# Charter Recommendations in Maine (Bar Harbor or Thereabouts)



## Bob Asher (Jul 30, 2015)

Non-sailing buddy has a cabin in Bar Harbor, Maine they go to every year around the first of August. Suggested wife and I come up and charter a sailboat. I've been checking on a couple options, but would love any further advice.
The original plan was for wife and I to hitch a ride with buddy up from BOS and have him drop us off at charter marina and then the two of us sail up and meet them in Bar Harbor. Buck's Harbor Marina is one option. The boats are pretty expensive for a whole week.
Another plan would be for wife and I to rent our own car,o charter one boat from one place for 2-3 days, then drive up to Bar Harbor and crash at the cabin for a bit, then go off and rent another boat somewhere else. Maybe rent a small daysailor for a day somewhere... Sail several different boats at different locations.

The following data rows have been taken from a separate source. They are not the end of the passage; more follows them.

(* Let $n>0$ and $c>1$. In the no-communication setting, every deterministic algorithm that guarantees rendezvous of the two agents for all initial placements on the cycle of length $n$ has rendezvous time at least $\frac{cn}{c^2-1}$.
   Context: Model: the cycle is the continuous circle $\mathbb{R}/n\mathbb{Z}$ of length $n$; it is anonymous (no marked points). Two agents $A$ and $B$ are placed by an adversary at arbitrary initial points and start at the same time. Both run the same deterministic algorithm; they are identical except for their speeds: the slower agent $B$ has speed $1$ and the faster agent $A$ has speed $c>1$ (an agent does not know whether it is the faster or the slower one). Both agents know $n$ and $c$, have a common sense of direction (clockwise vs. anti-clockwise), and have a pedometer measuring the total distance they have travelled (a ''step'' is one unit of travelled distance, possibly split among directions). At any moment an agent may start moving, continue, stop, or reverse direction; an agent's behaviour is a deterministic function of its own travelled distance (equivalently, its local step count) and of what it has observed so far, so that, absent any observation, an agent of speed $s$ is at real time $t$ where an agent of speed $1$ running the same algorithm would be at time $st$. Agents detect each other when they are at the same point (rendezvous). No-communication setting: the agents cannot observe anything other than the other agent being at their current location (no markers of any kind). The rendezvous time of an algorithm is the worst case, over all initial placements of the two agents, of the time until the agents are co-located. *)

(* continuous cycle R/nZ modelled via its universal cover R. *)
From Stdlib Require Import Reals Lra ZArith.
Open Scope R_scope.

(* A deterministic algorithm, in the no-communication setting, is (until
   rendezvous, the only possible observation) a fixed trajectory
   [p : R -> R] : p s is the displacement (in the universal cover R of the
   cycle, positive = clockwise) of an agent after s units of its local
   time / step count.  Since an agent of speed 1 travels at most distance
   |s1 - s2| in local time |s1 - s2|, p is 1-Lipschitz on [0,oo), and
   p 0 = 0.  Only the values of p on [0,oo) matter. *)
Definition algorithm (p : R -> R) : Prop :=
  p 0 = 0 /\
  forall s1 s2, 0 <= s1 -> 0 <= s2 -> Rabs (p s1 - p s2) <= Rabs (s1 - s2).

Definition pos (p : R -> R) (s x t : R) : R := x + p (s * t).

Definition same_point (n : R) (u v : R) : Prop :=
  exists k : Z, u - v = IZR k * n.

Definition meet (n c : R) (p : R -> R) (a b t : R) : Prop :=
  same_point n (pos p c a t) (pos p 1 b t).

Definition guarantees_rendezvous (n c : R) (p : R -> R) : Prop :=
  forall a b : R, exists t, 0 <= t /\ meet n c p a b t.

Definition first_meeting (n c : R) (p : R -> R) (a b tau : R) : Prop :=
  0 <= tau /\ meet n c p a b tau /\
  forall t, 0 <= t < tau -> ~ meet n c p a b t.

(* The rendezvous time of the algorithm (the supremum over all placements of
   the first meeting time) is at least L: every upper bound M of the set of
   first meeting times satisfies L <= M. *)
Definition rendezvous_time_at_least (n c : R) (p : R -> R) (L : R) : Prop :=
  forall M : R,
    (forall a b tau, first_meeting n c p a b tau -> tau <= M) -> L <= M.

From Pilot Require Import Defs.
From Stdlib Require Import Reals Lra Lia ZArith.
Open Scope R_scope.

(* Both agents follow the same trajectory p, at speeds c and 1, so the agents
   started at a and b meet at time t iff the drift  d(t) = p(ct) - p(t)  is
   congruent to b - a modulo n.  As p is 1-Lipschitz with p 0 = 0, the drift is
   (c+1)-Lipschitz and |d(t)| <= (c-1) t; together these bounds show that d
   oscillates by at most (c^2-1) M / c on [0, M].  If every first meeting time
   were at most M < c n / (c^2 - 1), this oscillation would be < n, so some
   offset b - a keeps d(t) - (b - a) strictly inside (-n, 0), hence off nZ, on
   the whole of [0, M].  Rendezvous still happens for that placement, and by
   continuity the first time the shifted drift leaves (-n, 0) it lies on -n or
   0: this is a first meeting after M, a contradiction. *)

Lemma window_of_oscillation (S : R -> Prop) (h : R -> R) (K s0 : R) :
  S s0 -> (forall s t, S s -> S t -> h t - h s <= K) ->
  exists m, forall t, S t -> m <= h t <= m + K.
Proof.
  intros Hs0 Hosc.
  destruct (completeness (fun x => exists t, S t /\ x = h t)) as [sup [Hub Hleast]].
  - exists (h s0 + K). intros x [t [Ht ->]]. specialize (Hosc s0 t Hs0 Ht). lra.
  - exists (h s0). eauto.
  - exists (sup - K). intros t Ht. split.
    + assert (sup <= h t + K); [|lra].
      apply Hleast. intros x [s [Hs ->]]. specialize (Hosc t s Ht Hs). lra.
    + assert (h t <= sup) by (apply Hub; eauto). lra.
Qed.

Definition lipschitz_nonneg (L : R) (g : R -> R) : Prop :=
  forall s t, 0 <= s -> 0 <= t -> Rabs (g t - g s) <= L * Rabs (t - s).

Lemma lipschitz_close (L : R) (g : R -> R) (s eps : R) :
  0 <= L -> lipschitz_nonneg L g -> 0 <= s -> 0 < eps ->
  exists d, 0 < d /\
    forall t, 0 <= t -> Rabs (t - s) <= d -> Rabs (g t - g s) < eps.
Proof.
  intros HL Hg Hs Heps.
  assert (Hd : 0 < eps / (L + 1)) by (apply Rdiv_lt_0_compat; lra).
  exists (eps / (L + 1)). split; [exact Hd|].
  intros t Ht Hts. eapply Rle_lt_trans; [apply Hg; lra|].
  apply Rle_lt_trans with (L * (eps / (L + 1))).
  - apply Rmult_le_compat_l; lra.
  - replace (L * (eps / (L + 1))) with (eps - eps / (L + 1)) by (field; lra). lra.
Qed.

Section FirstExit.

Variables (g : R -> R) (L lo hi : R).
Hypothesis L_ge0 : 0 <= L.
Hypothesis g_lip : lipschitz_nonneg L g.
Hypothesis g0_inside : lo < g 0 < hi.

(* Times up to which g has stayed inside (lo, hi); the exit time is their
   supremum. *)
Definition safe (t : R) : Prop :=
  0 <= t /\ forall s, 0 <= s <= t -> lo < g s < hi.

Lemma inside_before_lub (tau : R) :
  is_lub safe tau -> forall t, 0 <= t < tau -> lo < g t < hi.
Proof.
  intros [_ Hleast] t [Ht Htau].
  assert (Hbound : ~ (lo < g t < hi) -> tau <= t).
  { intros Hout. apply Hleast. intros x [_ Hsafe].
    destruct (Rle_dec x t) as [Hle|Hgt]; [exact Hle|].
    exfalso. apply Hout, Hsafe. lra. }
  destruct (Rlt_dec lo (g t)), (Rlt_dec (g t) hi); try (split; assumption);
    assert (tau <= t) by (apply Hbound; intros [? ?]; contradiction); lra.
Qed.

Lemma lub_approached_from_inside (tau : R) :
  is_lub safe tau -> 0 <= tau ->
  forall eps, 0 < eps ->
  exists t, 0 <= t /\ lo < g t < hi /\ Rabs (g t - g tau) < eps.
Proof.
  intros Hlub Htau eps Heps.
  destruct (lipschitz_close L g tau eps L_ge0 g_lip Htau Heps) as [d [Hd Hclose]].
  destruct (Req_dec tau 0) as [->|Htau0].
  - exists 0. rewrite Rminus_diag, Rabs_R0. repeat split; lra.
  - set (t := Rmax 0 (tau - d)).
    assert (Ht0 : 0 <= t) by apply Rmax_l.
    assert (Htd : tau - d <= t) by apply Rmax_r.
    assert (Httau : t < tau) by (apply Rmax_lub_lt; lra).
    exists t. repeat split; try lra;
      try (apply (inside_before_lub tau Hlub); lra).
    apply Hclose; [lra|]. rewrite Rabs_left1; lra.
Qed.

Lemma lub_in_closed_interval (tau : R) :
  is_lub safe tau -> 0 <= tau -> lo <= g tau <= hi.
Proof.
  intros Hlub Htau.
  split; apply Rnot_lt_le; intros Hout.
  - destruct (lub_approached_from_inside tau Hlub Htau (lo - g tau))
      as [t [_ [Hin Hclose]]]; [lra|].
    revert Hclose. split_Rabs; lra.
  - destruct (lub_approached_from_inside tau Hlub Htau (g tau - hi))
      as [t [_ [Hin Hclose]]]; [lra|].
    revert Hclose. split_Rabs; lra.
Qed.

(* If g were still inside at the supremum, it would stay inside a little
   longer, contradicting maximality. *)
Lemma lub_not_inside (tau : R) :
  is_lub safe tau -> 0 <= tau -> ~ (lo < g tau < hi).
Proof.
  intros Hlub Htau Hin.
  set (eps := Rmin (g tau - lo) (hi - g tau)).
  assert (Heps : 0 < eps) by (apply Rmin_pos; lra).
  assert (Heps1 : eps <= g tau - lo) by apply Rmin_l.
  assert (Heps2 : eps <= hi - g tau) by apply Rmin_r.
  destruct (lipschitz_close L g tau eps L_ge0 g_lip Htau Heps) as [d [Hd Hclose]].
  assert (Hsafe : safe (tau + d)).
  { split; [lra|]. intros s [Hs Hsd].
    destruct (Rlt_dec s tau) as [Hlt|Hge].
    - apply (inside_before_lub tau Hlub). lra.
    - assert (Hgs : Rabs (g s - g tau) < eps) by (apply Hclose; [lra|]; rewrite Rabs_right; lra).
      revert Hgs. split_Rabs; lra. }
  destruct Hlub as [Hub _].
  specialize (Hub _ Hsafe). lra.
Qed.

(* The supremum of the safe times, which is finite since g leaves the interval
   at t0, is the first exit time. *)
Lemma first_exit (t0 : R) :
  0 <= t0 -> ~ (lo < g t0 < hi) ->
  exists tau, 0 <= tau /\ (g tau = lo \/ g tau = hi) /\
    forall t, 0 <= t < tau -> lo < g t < hi.
Proof.
  intros Ht0 Hout.
  destruct (completeness safe) as [tau Hlub].
  - exists t0. intros x [_ Hsafe].
    destruct (Rle_dec x t0) as [Hle|Hgt]; [exact Hle|].
    exfalso. apply Hout, Hsafe. lra.
  - exists 0. split; [lra|]. intros s Hs. replace s with 0 by lra. exact g0_inside.
  - assert (Htau : 0 <= tau).
    { apply (proj1 Hlub). split; [lra|]. intros s Hs. replace s with 0 by lra.
      exact g0_inside. }
    exists tau. split; [exact Htau|split].
    + pose proof (lub_in_closed_interval tau Hlub Htau) as Hclosed.
      pose proof (lub_not_inside tau Hlub Htau) as Hnot.
      destruct (Req_dec (g tau) lo); [left; assumption|].
      destruct (Req_dec (g tau) hi); [right; assumption|].
      exfalso. apply Hnot. lra.
    + exact (inside_before_lub tau Hlub).
Qed.

End FirstExit.

Lemma no_multiple_strictly_between (n : R) (k : Z) :
  0 < n -> ~ (- n < IZR k * n < 0).
Proof.
  intros Hn [Hlo Hhi].
  destruct (Z.le_gt_cases 0 k) as [Hk|Hk].
  - apply IZR_le in Hk. nra.
  - assert (IZR k <= -1) by (apply IZR_le; lia). nra.
Qed.

Lemma first_meeting_at_start (n c : R) (p : R -> R) (a : R) :
  algorithm p -> first_meeting n c p a a 0.
Proof.
  intros [Hp0 _]. split; [lra|split].
  - exists 0%Z. unfold Defs.pos. rewrite !Rmult_0_r, Hp0. ring.
  - intros t Ht. lra.
Qed.

Section Drift.

Variables (p : R -> R) (c : R).

Definition drift (t : R) : R := p (c * t) - p t.

Lemma meet_iff_drift (n a b t : R) :
  meet n c p a b t <-> exists k : Z, drift t - (b - a) = IZR k * n.
Proof.
  unfold meet, same_point, Defs.pos, drift. rewrite Rmult_1_l.
  split; intros [k Hk]; exists k; lra.
Qed.

Hypothesis p_alg : algorithm p.
Hypothesis c_gt1 : 1 < c.

Lemma drift_small (t : R) : 0 <= t -> Rabs (drift t) <= (c - 1) * t.
Proof.
  intros Ht. destruct p_alg as [_ Hlip]. unfold drift.
  eapply Rle_trans; [apply Hlip; nra|].
  rewrite Rabs_right; nra.
Qed.

Lemma drift_lipschitz : lipschitz_nonneg (c + 1) drift.
Proof.
  intros s t Hs Ht. destruct p_alg as [_ Hlip]. unfold drift.
  pose proof (Hlip (c * t) (c * s) ltac:(nra) ltac:(nra)) as Hfast.
  pose proof (Hlip t s Ht Hs) as Hslow.
  replace (c * t - c * s) with (c * (t - s)) in Hfast by ring.
  rewrite Rabs_mult, (Rabs_right c) in Hfast by lra.
  revert Hfast Hslow. split_Rabs; nra.
Qed.

(* Up to time t the drift oscillates by at most (c^2 - 1) t / c: for s <= t/c
   use that both values are small, otherwise the Lipschitz bound. *)
Lemma drift_oscillation_ordered (s t : R) :
  0 <= s <= t -> Rabs (drift t - drift s) <= (c ^ 2 - 1) / c * t.
Proof.
  intros Hst.
  pose proof (drift_small t ltac:(lra)) as Ht.
  pose proof (drift_small s ltac:(lra)) as Hs.
  pose proof (drift_lipschitz s t ltac:(lra) ltac:(lra)) as Hlip.
  rewrite (Rabs_right (t - s)) in Hlip by lra.
  apply (Rmult_le_reg_l c); [lra|].
  replace (c * ((c ^ 2 - 1) / c * t)) with ((c ^ 2 - 1) * t) by (field; lra).
  destruct (Rle_lt_dec (c * s) t).
  - assert (Rabs (drift t - drift s) <= (c - 1) * t + (c - 1) * s)
      by (revert Ht Hs; split_Rabs; lra).
    nra.
  - nra.
Qed.

Lemma drift_oscillation (M s t : R) :
  0 <= s <= M -> 0 <= t <= M -> Rabs (drift t - drift s) <= (c ^ 2 - 1) / c * M.
Proof.
  intros Hs Ht.
  assert (Hcoef : 0 <= (c ^ 2 - 1) / c)
    by (apply Rmult_le_pos; [nra | apply Rlt_le, Rinv_0_lt_compat; lra]).
  destruct (Rle_dec s t).
  - pose proof (drift_oscillation_ordered s t ltac:(lra)). nra.
  - rewrite Rabs_minus_sym.
    pose proof (drift_oscillation_ordered t s ltac:(lra)). nra.
Qed.

End Drift.

Lemma oscillation_below_period (n c M : R) :
  1 < c -> M < c * n / (c ^ 2 - 1) -> (c ^ 2 - 1) / c * M < n.
Proof.
  intros Hc Hlt.
  apply (Rmult_lt_compat_l (c ^ 2 - 1)) in Hlt; [|nra].
  replace ((c ^ 2 - 1) * (c * n / (c ^ 2 - 1))) with (c * n) in Hlt by (field; nra).
  apply (Rmult_lt_reg_l c); [lra|].
  replace (c * ((c ^ 2 - 1) / c * M)) with ((c ^ 2 - 1) * M) by (field; lra). lra.
Qed.

Lemma confining_offset (n c M : R) (p : R -> R) :
  algorithm p -> 1 < c -> 0 <= M -> (c ^ 2 - 1) / c * M < n ->
  exists y, forall t, 0 <= t <= M -> - n < drift p c t - y < 0.
Proof.
  intros Halg Hc HM HKn.
  set (K := (c ^ 2 - 1) / c * M) in HKn.
  destruct (window_of_oscillation (fun t => 0 <= t <= M) (drift p c) K 0) as [m Hm].
  - lra.
  - intros s t Hs Ht. eapply Rle_trans; [apply Rle_abs|].
    exact (drift_oscillation p c Halg Hc M s t Hs Ht).
  - exists (m + K + (n - K) / 2). intros t Ht. specialize (Hm t Ht). lra.
Qed.

(* If the agents started at -y and 0 meet at all, while the shifted drift starts
   inside (-n, 0), then they have a first meeting, namely the first exit of the
   shifted drift from (-n, 0); at that time it lies on -n or 0. *)
Lemma first_meeting_at_exit (n c y : R) (p : R -> R) :
  0 < n -> 1 < c -> algorithm p ->
  - n < drift p c 0 - y < 0 ->
  (exists t, 0 <= t /\ meet n c p (- y) 0 t) ->
  exists tau, first_meeting n c p (- y) 0 tau /\ ~ (- n < drift p c tau - y < 0).
Proof.
  intros Hn Hc Halg Hstart [t0 [Ht0 Hmeet0]].
  set (g := fun t => drift p c t - y) in Hstart.
  assert (Hmeet : forall t, meet n c p (- y) 0 t <-> exists k : Z, g t = IZR k * n).
  { intros t. rewrite meet_iff_drift. unfold g.
    split; intros [k Hk]; exists k; lra. }
  assert (Hglip : lipschitz_nonneg (c + 1) g).
  { intros s t Hs Ht. unfold g.
    replace (drift p c t - y - (drift p c s - y)) with (drift p c t - drift p c s) by ring.
    exact (drift_lipschitz p c Halg Hc s t Hs Ht). }
  apply Hmeet in Hmeet0. destruct Hmeet0 as [k0 Hk0].
  destruct (first_exit g (c + 1) (- n) 0 ltac:(lra) Hglip Hstart t0 Ht0)
    as [tau [Htau [Hend Hbefore]]].
  { rewrite Hk0. apply no_multiple_strictly_between. exact Hn. }
  exists tau. split; [split; [exact Htau|split] |].
  - apply Hmeet. destruct Hend as [Hend|Hend]; [exists (-1)%Z | exists 0%Z];
      rewrite Hend; simpl; ring.
  - intros t Ht Hmt. apply Hmeet in Hmt. destruct Hmt as [k Hk].
    apply (no_multiple_strictly_between n k Hn). rewrite <- Hk. exact (Hbefore t Ht).
  - fold (g tau). destruct Hend as [-> | ->]; lra.
Qed.

Theorem theorem1 (n c : R) (p : R -> R) :
  0 < n -> 1 < c ->
  algorithm p ->
  guarantees_rendezvous n c p ->
  rendezvous_time_at_least n c p (c * n / (c ^ 2 - 1)).
Proof.
  intros Hn Hc Halg Hgr M HM.
  assert (HM0 : 0 <= M) by exact (HM 0 0 0 (first_meeting_at_start n c p 0 Halg)).
  destruct (Rle_lt_dec (c * n / (c ^ 2 - 1)) M) as [Hle|Hlt]; [exact Hle|exfalso].
  destruct (confining_offset n c M p Halg Hc HM0 (oscillation_below_period n c M Hc Hlt))
    as [y Hconfined].
  destruct (first_meeting_at_exit n c y p Hn Hc Halg (Hconfined 0 ltac:(lra)) (Hgr (- y) 0))
    as [tau [Hfirst Hexit]].
  apply Hexit, Hconfined. split; [apply (proj1 Hfirst) | exact (HM _ _ _ Hfirst)].
Qed.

Anybody got a good game plan for that area of the country? I have ZERO travel experience in Maine. A fair bit of charter experience in the BVIs.

Thanks!


----------



## capta (Jun 27, 2011)

Sorry, but I have to ask. If he suggested you charter a boat could it be because he'd rather you stayed aboard than in the cabin?
I'm not being an a**, it's just how I kinda took the post????


----------